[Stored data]
::::

Lemma sturm_sol_sin (c a y : R) :
  sturm_sol (fun _ => c ^ 2) (fun z => sin (c * (z - a))) (fun z => c * cos (c * (z - a))) y.
Proof. split; auto_derive; auto; unfold Rminus; to_R_eq; ring. Qed.

Lemma sturm_sol_shift (q u u1 : R -> R) (d y : R) : sturm_sol q u u1 (y - d) ->
  sturm_sol (fun z => q (z - d)) (fun z => u (z - d)) (fun z => u1 (z - d)) y.
Proof.
  assert (shift : forall (F : R -> R) l,
             is_derive F (y - d) l -> is_derive (fun z => F (z - d)) y l).
  { intros F l dF. eapply is_derive_ext; [intros; reflexivity|].
    replace l with (scal 1 l) by (unfold scal; simpl; unfold mult; simpl; to_R_eq; ring).
    apply (is_derive_comp F (fun z => z - d)); [exact dF|].
    auto_derive; [exact I | to_R_eq; ring]. }
  intros [du du1]. split; apply shift; auto.
Qed.

Definition solves_prolate_gt1 (c chi : R) (f f1 f2 : R -> R) : Prop :=
  forall x, 1 < x -> is_derive f x (f1 x) /\ is_derive f1 x (f2 x) /\
    (1 - x ^ 2) * f2 x - 2 * x * f1 x + (chi - c ^ 2 * x ^ 2) * f x = 0.

Definition liouville (f : R -> R) (x : R) : R := sqrt (x ^ 2 - 1) * f x.

Definition liouville_deriv (f f1 : R -> R) (x : R) : R :=
  sqrt (x ^ 2 - 1) * f1 x + x * f x / sqrt (x ^ 2 - 1).

Definition prolate_potential (c chi x : R) : R :=
  c ^ 2 + ((c ^ 2 - chi) * (x ^ 2 - 1) + 1) / (x ^ 2 - 1) ^ 2.

Lemma solves_prolate_gt1_opp (c chi : R) (f f1 f2 : R -> R) :
  solves_prolate_gt1 c chi f f1 f2 ->
  solves_prolate_gt1 c chi (fun x => - f x) (fun x => - f1 x) (fun x => - f2 x).
Proof.
  intros H x Hx. destruct (H x Hx) as (d1 & d2 & E).
  split; [|split]; [apply (is_derive_opp f) | apply (is_derive_opp f1) | lra]; auto.
Qed.

Lemma sturm_sol_liouville (c chi : R) (f f1 f2 : R -> R) (x : R) :
  solves_prolate_gt1 c chi f f1 f2 -> 1 < x ->
  sturm_sol (prolate_potential c chi) (liouville f) (liouville_deriv f f1) x.
Proof.
  intros H Hx. destruct (H x Hx) as (d1 & d2 & E).
  set (r := sqrt (x ^ 2 - 1)).
  assert (Hr : 0 < r) by (apply sqrt_lt_R0; nra).
  assert (Hrr : r * r = x ^ 2 - 1) by (apply sqrt_sqrt; nra).
  assert (dr : is_derive (fun y => sqrt (y ^ 2 - 1)) x (x / r)).
  { eapply is_derive_ext; [intros; reflexivity|].
    replace (x / r) with (2 * x / (2 * sqrt (x ^ 2 - 1))) by (fold r; field; lra).
    apply (is_derive_sqrt (fun y => y ^ 2 - 1)); [|nra].
    auto_derive; [exact I | to_R_eq; ring]. }
  split.
  - unfold liouville, liouville_deriv. fold r.
    replace (r * f1 x + x * f x / r) with (x / r * f x + r * f1 x) by (field; lra).
    apply (is_derive_mult (fun y => sqrt (y ^ 2 - 1)) f x); auto. intros; apply Rmult_comm.
  - unfold liouville_deriv, liouville, prolate_potential. fold r.
    assert (F2 : f2 x = (2 * x * f1 x - (chi - c ^ 2 * x ^ 2) * f x) / (1 - x ^ 2))
      by (field_simplify_eq; nra).
    replace (- (c ^ 2 + ((c ^ 2 - chi) * (x ^ 2 - 1) + 1) / (x ^ 2 - 1) ^ 2) * (r * f x))
      with ((x / r * f1 x + r * f2 x)
            + ((1 * f x + x * f1 x) * r - x * f x * (x / r)) / r ^ 2).
    + apply (is_derive_plus (fun y => sqrt (y ^ 2 - 1) * f1 y)
                            (fun y => y * f y / sqrt (y ^ 2 - 1))).
      * apply (is_derive_mult (fun y => sqrt (y ^ 2 - 1)) f1 x); auto. intros; apply Rmult_comm.
      * apply (is_derive_div (fun y => y * f y) (fun y => sqrt (y ^ 2 - 1)));
          [|exact dr | fold r; lra].
        apply (is_derive_mult (fun y => y) f x); [auto_derive; auto | auto |].
        intros; apply Rmult_comm.
    + rewrite F2. replace (1 - x ^ 2) with (- (r * r)) by lra.
      replace (x ^ 2 - 1) with (r * r) by lra.
      assert (X2 : x ^ 2 = r * r + 1) by lra.
      field_simplify_eq; [| lra]. rewrite X2. ring.
Qed.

::::

Assignment: Copy the records above exactly as written.

Finished exercise:
Lemma sturm_sol_sin (c a y : R) :
  sturm_sol (fun _ => c ^ 2) (fun z => sin (c * (z - a))) (fun z => c * cos (c * (z - a))) y.
Proof. split; auto_derive; auto; unfold Rminus; to_R_eq; ring. Qed.

Lemma sturm_sol_shift (q u u1 : R -> R) (d y : R) : sturm_sol q u u1 (y - d) ->
  sturm_sol (fun z => q (z - d)) (fun z => u (z - d)) (fun z => u1 (z - d)) y.
Proof.
  assert (shift : forall (F : R -> R) l,
             is_derive F (y - d) l -> is_derive (fun z => F (z - d)) y l).
  { intros F l dF. eapply is_derive_ext; [intros; reflexivity|].
    replace l with (scal 1 l) by (unfold scal; simpl; unfold mult; simpl; to_R_eq; ring).
    apply (is_derive_comp F (fun z => z - d)); [exact dF|].
    auto_derive; [exact I | to_R_eq; ring]. }
  intros [du du1]. split; apply shift; auto.
Qed.

Definition solves_prolate_gt1 (c chi : R) (f f1 f2 : R -> R) : Prop :=
  forall x, 1 < x -> is_derive f x (f1 x) /\ is_derive f1 x (f2 x) /\
    (1 - x ^ 2) * f2 x - 2 * x * f1 x + (chi - c ^ 2 * x ^ 2) * f x = 0.

Definition liouville (f : R -> R) (x : R) : R := sqrt (x ^ 2 - 1) * f x.

Definition liouville_deriv (f f1 : R -> R) (x : R) : R :=
  sqrt (x ^ 2 - 1) * f1 x + x * f x / sqrt (x ^ 2 - 1).

Definition prolate_potential (c chi x : R) : R :=
  c ^ 2 + ((c ^ 2 - chi) * (x ^ 2 - 1) + 1) / (x ^ 2 - 1) ^ 2.

Lemma solves_prolate_gt1_opp (c chi : R) (f f1 f2 : R -> R) :
  solves_prolate_gt1 c chi f f1 f2 ->
  solves_prolate_gt1 c chi (fun x => - f x) (fun x => - f1 x) (fun x => - f2 x).
Proof.
  intros H x Hx. destruct (H x Hx) as (d1 & d2 & E).
  split; [|split]; [apply (is_derive_opp f) | apply (is_derive_opp f1) | lra]; auto.
Qed.

Lemma sturm_sol_liouville (c chi : R) (f f1 f2 : R -> R) (x : R) :
  solves_prolate_gt1 c chi f f1 f2 -> 1 < x ->
  sturm_sol (prolate_potential c chi) (liouville f) (liouville_deriv f f1) x.
Proof.
  intros H Hx. destruct (H x Hx) as (d1 & d2 & E).
  set (r := sqrt (x ^ 2 - 1)).
  assert (Hr : 0 < r) by (apply sqrt_lt_R0; nra).
  assert (Hrr : r * r = x ^ 2 - 1) by (apply sqrt_sqrt; nra).
  assert (dr : is_derive (fun y => sqrt (y ^ 2 - 1)) x (x / r)).
  { eapply is_derive_ext; [intros; reflexivity|].
    replace (x / r) with (2 * x / (2 * sqrt (x ^ 2 - 1))) by (fold r; field; lra).
    apply (is_derive_sqrt (fun y => y ^ 2 - 1)); [|nra].
    auto_derive; [exact I | to_R_eq; ring]. }
  split.
  - unfold liouville, liouville_deriv. fold r.
    replace (r * f1 x + x * f x / r) with (x / r * f x + r * f1 x) by (field; lra).
    apply (is_derive_mult (fun y => sqrt (y ^ 2 - 1)) f x); auto. intros; apply Rmult_comm.
  - unfold liouville_deriv, liouville, prolate_potential. fold r.
    assert (F2 : f2 x = (2 * x * f1 x - (chi - c ^ 2 * x ^ 2) * f x) / (1 - x ^ 2))
      by (field_simplify_eq; nra).
    replace (- (c ^ 2 + ((c ^ 2 - chi) * (x ^ 2 - 1) + 1) / (x ^ 2 - 1) ^ 2) * (r * f x))
      with ((x / r * f1 x + r * f2 x)
            + ((1 * f x + x * f1 x) * r - x * f x * (x / r)) / r ^ 2).
    + apply (is_derive_plus (fun y => sqrt (y ^ 2 - 1) * f1 y)
                            (fun y => y * f y / sqrt (y ^ 2 - 1))).
      * apply (is_derive_mult (fun y => sqrt (y ^ 2 - 1)) f1 x); auto. intros; apply Rmult_comm.
      * apply (is_derive_div (fun y => y * f y) (fun y => sqrt (y ^ 2 - 1)));
          [|exact dr | fold r; lra].
        apply (is_derive_mult (fun y => y) f x); [auto_derive; auto | auto |].
        intros; apply Rmult_comm.
    + rewrite F2. replace (1 - x ^ 2) with (- (r * r)) by lra.
      replace (x ^ 2 - 1) with (r * r) by lra.
      assert (X2 : x ^ 2 = r * r + 1) by lra.
      field_simplify_eq; [| lra]. rewrite X2. ring.
Qed.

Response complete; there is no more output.